[Pacemaker] Problem with failover/failback under Ubuntu 10.04 for Active/Passive OpenNMS

Mon Jul 5 13:34:11 EDT 2010

On Mon, 05 Jul 2010 18:34:24 +0300, Dan Frincu <dfrincu at streamwide.ro>
wrote:

> /The errors from the log file are DRBD specific, they occur when you're
> trying to mount a resource in a Secondary state. 
> Increase the "op start interval" for both the DRBD and Filesystem
> primitives to ~15 seconds.

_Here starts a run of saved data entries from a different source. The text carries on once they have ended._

Lemma norm_cinner_le1 n (u v : 'cV[C]_n) :
  cnorm2 u = 1 -> cnorm2 v = 1 -> `|cinner u v| <= 1.
Proof.
move=> u1 v1; set c := cinner u v.
have : 0 <= cinner (u - c *: v) (u - c *: v) by rewrite -cnorm2E ler0c cnorm2_ge0.
have -> : cinner (u - c *: v) (u - c *: v) =
    cinner u u - c^* * cinner u v - c * cinner v u + c * c^* * cinner v v.
  rewrite /cinner !big_distrr -!sumrN -!big_split /=; apply: eq_bigr => t _.
  by rewrite !mxE rmorphB rmorphM /=; ring.
rewrite [cinner v u]cinnerC -/c -!cnorm2E u1 v1 rmorph1 !mulr1 [c^* * c]mulrC.
by rewrite addrAC subrK subr_ge0 -normCK expr_le1.
Qed.

Section JLEmbedding.
Variables (m n : nat) (eta : R) (M : 'M[C]_(m, n)) (S : pred 'cV[C]_n).
Hypothesis JL_M : JL_embedding eta M S.

Lemma JL_cinnerB_self x : S x ->
  `|cinner (M *m x) (M *m x) - cinner x x| <= eta%:C * cinner x x.
Proof.
case/JL_M=> ex [/andP[ex_gtN ex_lt] Mx].
rewrite -!cnorm2E Mx -rmorphB -rmorphM normc_real lecR.
rewrite (_ : _ - _ = ex * cnorm2 x); last by ring.
by rewrite normrM (ger0_norm (cnorm2_ge0 x)) ler_wpM2r ?cnorm2_ge0 // ler_norml !ltW // ltrNl.
Qed.
(* Let $n\ge d$, $\mathbf X\in\mathbb R^{n\times d}$ with full column rank, $1\le k<d$, $\lambda>0$, and $\mathbf y\in\mathbb R^n$ with $\hat\sigma_{1:k}=\|(\mathbf I-\mathbf P_{-1:k})\mathbf y\|>0$; let $\hat{\mathbf y}_{1:k}=\mathbf P_{-1:k}\mathbf y$, $\mathbf u=\mathbf V^T(\mathbf y-\hat{\mathbf y}_{1:k})/\hat\sigma_{1:k}$, and let $\hat{\boldsymbol\beta}^\lambda=\arg\min_{\boldsymbol\beta\in\mathbb R^d}\big(\frac1{2n}\|\mathbf y-\mathbf X\boldsymbol\beta\|_2^2+\lambda(\|\boldsymbol\beta_{1:k}\|_2+\|\boldsymbol\beta_{-1:k}\|_1)\big)$. For $\mathbf b\in\mathbb R^k$ and $\boldsymbol\epsilon$ in the closed unit ball of $\mathbb R^k$ define $$\hat{\boldsymbol\beta}^\lambda_{-1:k}(\mathbf b)=\arg\min_{\boldsymbol\gamma\in\mathbb R^{d-k}}\Big(\tfrac1{2n}\|\mathbf y-\mathbf X_{1:k}\mathbf b-\mathbf X_{-1:k}\boldsymbol\gamma\|_2^2+\lambda\|\boldsymbol\gamma\|_1\Big),$$ $$\Lambda_{1:k}(\mathbf b,\boldsymbol\epsilon)=\frac1{\hat\sigma_{1:k}}(\mathbf X_{1:k}^T\mathbf V_{1:k})^{-1}\Big(-\mathbf X_{1:k}^T\big(\hat{\mathbf y}_{1:k}-\mathbf X_{1:k}\mathbf b-\mathbf X_{-1:k}\hat{\boldsymbol\beta}^\lambda_{-1:k}(\mathbf b)\big)+n\lambda\boldsymbol\epsilon\Big),$$ and let $f^{-1}(\mathbf b)=\{\Lambda_{1:k}(\mathbf b,\mathbf b/\|\mathbf b\|)\}$ if $\mathbf b\ne\mathbf 0$ and $f^{-1}(\mathbf 0)=\{\Lambda_{1:k}(\mathbf 0,\boldsymbol\epsilon):\|\boldsymbol\epsilon\|\le1\}$. Then the function $f:\mathbb R^k\to\mathbb R^k$ with this inverse satisfies $\hat{\boldsymbol\beta}^\lambda_{1:k}=f(\mathbf u_{1:k})$; i.e., for every $\mathbf b\in\mathbb R^k$, $\hat{\boldsymbol\beta}^\lambda_{1:k}=\mathbf b$ if and only if $\mathbf u_{1:k}\in f^{-1}(\mathbf b)$.
   Context: $\mathbf A_i$, $\mathbf A_{1:i}$, $\mathbf A_{-1:i}$ denote the $i$-th column, first $i$ columns, and submatrix with first $i$ columns removed (similarly for vector entries). $\mathbf P_{-1:i}$ is the orthogonal projection onto the column space of $\mathbf X_{-1:i}$. $\mathbf V\in\mathbb R^{n\times(n-d+k)}$ has orthonormal columns spanning the orthogonal complement of the column space of $\mathbf X_{-1:k}$, with first $k$ columns $\mathbf V_i=(\mathbf I-\mathbf P_{-1:i})\mathbf X_i/\|(\mathbf I-\mathbf P_{-1:i})\mathbf X_i\|$. Both minimizers above are unique since $\mathbf X$ and $\mathbf X_{-1:k}$ have full column rank. *)

From HB Require Import structures.
From mathcomp Require Import all_boot all_order all_algebra.
From mathcomp Require Import reals.
From Stdlib Require Import ClassicalEpsilon.
Set Implicit Arguments. Unset Strict Implicit. Unset Printing Implicit Defensive.
Import Order.TTheory GRing.Theory Num.Theory.
Local Open Scope ring_scope.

Having configured a start 
> interval of 0 (zero) seconds, the change of DRBD resource from Primary
to
> Secondary on node2 and then promotion to 
> Primary on node1 is not instantaneous, therefore Pacemaker attempts to
> mount the filesystem without having the DRBD 
> resource in a Primary state, it goes into that huuuge 300 second
timeout,
> but as it waits for one resource (DRBD) to 
> timeout, it executes the next one, which is the mount, which fails, with
> the given errors, for the aforementioned reasons.
> 
> I'd also suggest adding an "op monitor" for each resource, with a
> reasonable interval and timeout, and also a mail alert.
> 
> Regards,
> Dan

Ok, that almost solved the problem.
But now the Filesystem primitives run in an endless loop.
The get unmounted and mounted again.

> therefore Pacemaker attempts to
> mount the filesystem without having the DRBD 
> resource in a Primary state

Hm, until now I thought this is handled by
the 3 "order" restrictions.

I see I have to find out which intervalls and timeouts I need to adjust.
Thanks for giving me a hint to the right direction so quickly.

If you have some other ideas to improve the config, just let me now.

Cheers, Sven